§ What to produce:
Extract each line holding the word "rewrite" from the entries.

+++ The data +++

(* Let $S$ be a (left and right) Ore set in a ring $R$. Then there exists a pair $(Q,f)$, with $Q$ a ring and $f:R\to Q$ a ring homomorphism, such that (i) $f(s)$ is a unit of $Q$ for all $s\in S$, and for every pair $(Q',f')$ satisfying (i) there is a unique ring homomorphism $h:Q\to Q'$ with $f'=hf$. The ring $Q$ is unique up to isomorphism and is isomorphic to the localization of $R/\mathfrak p(S)$ at $\pi(S)$, where $\pi:R\to R/\mathfrak p(S)$ is the canonical map and $\pi(S)$ is a left and right denominator set of $R/\mathfrak p(S)$ consisting of regular elements.
   Context: Rings are associative with $1$. A multiplicatively closed subset $S$ ($1\in S$, $0\notin S$) is an Ore set if $Sr\cap Rs\ne\emptyset$ and $rS\cap sR\ne\emptyset$ for all $r\in R,s\in S$; a (left and right) denominator set is an Ore set such that $rs=0$ ($s\in S$) implies $tr=0$ for some $t\in S$ and $sr=0$ implies $rt=0$ for some $t\in S$. For a ring $B$ and $T\subseteq B$, $\mathrm{ass}_l(T,B):=\{b\mid tb=0\text{ for some }t\in T\}$, $\mathrm{ass}_r(T,B):=\{b\mid bt=0\text{ for some }t\in T\}$. Define ideals $\mathfrak p_\alpha$ ($\alpha\ge1$ ordinals): $\mathfrak p_1:=\mathrm{ass}_l(S,R)+\mathrm{ass}_r(S,R)$; $\mathfrak p_{\alpha+1}:=\pi_\alpha^{-1}(\mathrm{ass}_l(\pi_\alpha(S),R/\mathfrak p_\alpha)+\mathrm{ass}_r(\pi_\alpha(S),R/\mathfrak p_\alpha))$ with $\pi_\alpha:R\to R/\mathfrak p_\alpha$ canonical; $\mathfrak p_\alpha:=\bigcup_{\beta<\alpha}\mathfrak p_\beta$ for limit $\alpha$; $\mathfrak p(S):=\bigcup_\alpha\mathfrak p_\alpha$. *)

(* Rings: associative with 1, not necessarily commutative
   (pzRingType allows the zero ring). Subsets of a ring are Prop-predicates. *)
From HB Require Import structures.
From mathcomp Require Import all_boot all_algebra.
Set Implicit Arguments. Unset Strict Implicit. Unset Printing Implicit Defensive.
Import GRing.Theory.
Local Open Scope ring_scope.

Definition is_unit (Q : pzRingType) (u : Q) : Prop :=
  exists v : Q, u * v = 1 /\ v * u = 1.

Definition mult_closed (R : pzRingType) (S : R -> Prop) : Prop :=
  [/\ S 1, ~ S 0 & forall s t, S s -> S t -> S (s * t)].

Definition ore_set (R : pzRingType) (S : R -> Prop) : Prop :=
  mult_closed S /\
  forall (r s : R), S s ->
    (exists s' r', S s' /\ s' * r = r' * s) /\
    (exists s' r', S s' /\ r * s' = s * r').

Definition denominator_set (R : pzRingType) (S : R -> Prop) : Prop :=
  ore_set S /\
  forall (r s : R), S s ->
    (r * s = 0 -> exists t, S t /\ t * r = 0) /\
    (s * r = 0 -> exists t, S t /\ r * t = 0).

Definition regular (R : pzRingType) (a : R) : Prop :=
  forall x : R, (a * x = 0 -> x = 0) /\ (x * a = 0 -> x = 0).

(* The ideal p(S) = \bigcup_alpha p_alpha.  It is encoded as the least subset
   containing 0 = p_0 and closed under the successor step
     p_{alpha+1} = pi_alpha^{-1}(ass_l(pi_alpha S) + ass_r(pi_alpha S)),
   i.e. x is added when x = a + b modulo the current set, with s a and b t in
   the current set for some s, t in S.  The least such set is the union of the
   transfinite chain (limits are unions). *)
Inductive pS (R : pzRingType) (S : R -> Prop) : R -> Prop :=
| pS_zero : pS S 0
| pS_step (x a b s t : R) :
    S s -> S t -> pS S (x - (a + b)) -> pS S (s * a) -> pS S (b * t) ->
    pS S x.

Definition S_inverting (R : pzRingType) (S : R -> Prop) (Q : pzRingType)
  (f : {rmorphism R -> Q}) : Prop :=
  forall s, S s -> is_unit (f s).

Definition universal_S_inverting (R : pzRingType) (S : R -> Prop)
  (Q : pzRingType) (f : {rmorphism R -> Q}) : Prop :=
  S_inverting S f /\
  forall (Q' : pzRingType) (f' : {rmorphism R -> Q'}), S_inverting S f' ->
    exists h : {rmorphism Q -> Q'},
      (forall r, f' r = h (f r)) /\
      (forall h' : {rmorphism Q -> Q'}, (forall r, f' r = h' (f r)) ->
         forall q, h' q = h q).

Definition ring_isomorphic (Q Q' : pzRingType) : Prop :=
  exists h : {rmorphism Q -> Q'}, bijective h.

Definition is_localization (A : pzRingType) (T : A -> Prop) (B : pzRingType)
  (phi : {rmorphism A -> B}) : Prop :=
  [/\ forall t, T t -> is_unit (phi t),
      forall b : B, exists a t u, [/\ T t, phi t * u = 1, u * phi t = 1 &
                                      b = phi a * u],
      forall b : B, exists a t u, [/\ T t, phi t * u = 1, u * phi t = 1 &
                                      b = u * phi a],
      forall a, phi a = 0 <-> exists t, T t /\ a * t = 0 &
      forall a, phi a = 0 <-> exists t, T t /\ t * a = 0].

Definition image_of (R A : Type) (g : R -> A) (S : R -> Prop) : A -> Prop :=
  fun a => exists s, S s /\ g s = a.

(* Modulo the ideal p(S) every s in S becomes regular (s x or x s in p(S)
   forces x in p(S)), and by the Ore conditions p(S) is a two-sided ideal all
   of whose elements are annihilated on both sides by elements of S, so it
   misses S. Every ring morphism inverting S kills p(S): if f(s) is a unit
   and f(s a) = 0 then f(a) = 0. The universal S-inverting ring is therefore
   the ring of right fractions a s^-1 of R/p(S), built here directly on pairs
   (a, s) with s in S; the Ore conditions give common denominators, hence
   sums, products and well-definedness. The image of S in R/p(S) is an Ore
   set of regular elements, hence a denominator set, and the fraction ring is
   its localization. *)

From HB Require Import structures.
From mathcomp Require Import all_boot all_algebra.
From mathcomp Require Import boolp classical_sets.
Import GRing.Theory.
Set Implicit Arguments. Unset Strict Implicit.
Local Open Scope ring_scope.

Section Units.
Variable Q : pzRingType.

Definition uinv (u : Q) : Q := xget 0 (fun v => u * v = 1 /\ v * u = 1).

Lemma uinvP u : is_unit u -> u * uinv u = 1 /\ uinv u * u = 1.
Proof. exact: (@xgetPex _ 0 (fun v => u * v = 1 /\ v * u = 1)). Qed.

Lemma uinv_eqr u v : is_unit u -> u * v = 1 -> uinv u = v.
Proof.
move=> Uu uv1; have [_ uVu] := uinvP Uu.
by rewrite -[uinv u]mulr1 -uv1 mulrA uVu mul1r.
Qed.

Lemma uinv_eql u v : is_unit u -> v * u = 1 -> uinv u = v.
Proof.
move=> Uu vu1; have [uuV _] := uinvP Uu.
by rewrite -[uinv u]mul1r -vu1 -mulrA uuV mulr1.
Qed.

Lemma uinvM u t : is_unit u -> is_unit t -> uinv (u * t) = uinv t * uinv u.
Proof.
move=> Uu Ut; have [uuV uVu] := uinvP Uu; have [ttV tVt] := uinvP Ut.
have Uut : is_unit (u * t).
  exists (uinv t * uinv u).
  by rewrite -mulrA (mulrA t) ttV mul1r uuV -mulrA (mulrA (uinv u)) uVu mul1r.
by apply: uinv_eqr => //; rewrite -mulrA (mulrA t) ttV mul1r.
Qed.

Lemma uinv_commute s t b b' : is_unit s -> is_unit t -> b * t = s * b' ->
  uinv s * b = b' * uinv t.
Proof.
move=> Us Ut E; have [_ sVs] := uinvP Us; have [ttV _] := uinvP Ut.
by rewrite -[LHS]mulr1 -ttV mulrA -(mulrA _ b) E mulrA sVs mul1r.
Qed.

End Units.

Lemma S_inverting_pS_eq0 (R Q : pzRingType) (S : R -> Prop) (f : {rmorphism R -> Q}) x :
  S_inverting S f -> pS S x -> f x = 0.
Proof.
move=> Sinv; elim=> {x} [|x a b s t Ss St _ fx0 _ fsa0 _ fbt0]; first exact: rmorph0.
have fa0 : f a = 0.
  have [_ sVs] := uinvP (Sinv _ Ss).
  by rewrite -[f a]mul1r -sVs -mulrA -rmorphM fsa0 mulr0.
have fb0 : f b = 0.
  have [ttV _] := uinvP (Sinv _ St).
  by rewrite -[f b]mulr1 -ttV mulrA -rmorphM fbt0 mul0r.
by move: fx0; rewrite rmorphB rmorphD fa0 fb0 addr0 subr0.
Qed.

Section OreSet.
Variables (R : pzRingType) (S : R -> Prop).
Hypothesis oreS : ore_set S.

Lemma ore1 : S 1. Proof. by case: oreS => -[]. Qed.
Lemma ore_neq0 : ~ S 0. Proof. by case: oreS => -[]. Qed.
Lemma oreM s t : S s -> S t -> S (s * t).
Proof. by case: oreS => -[_ _ mulS] _; apply: mulS. Qed.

+++

§ Result of this task:
by rewrite -[uinv u]mulr1 -uv1 mulrA uVu mul1r.
by rewrite -[uinv u]mul1r -vu1 -mulrA uuV mulr1.
  by rewrite -mulrA (mulrA t) ttV mul1r uuV -mulrA (mulrA (uinv u)) uVu mul1r.
by apply: uinv_eqr => //; rewrite -mulrA (mulrA t) ttV mul1r.
by rewrite -[LHS]mulr1 -ttV mulrA -(mulrA _ b) E mulrA sVs mul1r.
  by rewrite -[f a]mul1r -sVs -mulrA -rmorphM fsa0 mulr0.
  by rewrite -[f b]mulr1 -ttV mulrA -rmorphM fbt0 mul0r.
by move: fx0; rewrite rmorphB rmorphD fa0 fb0 addr0 subr0.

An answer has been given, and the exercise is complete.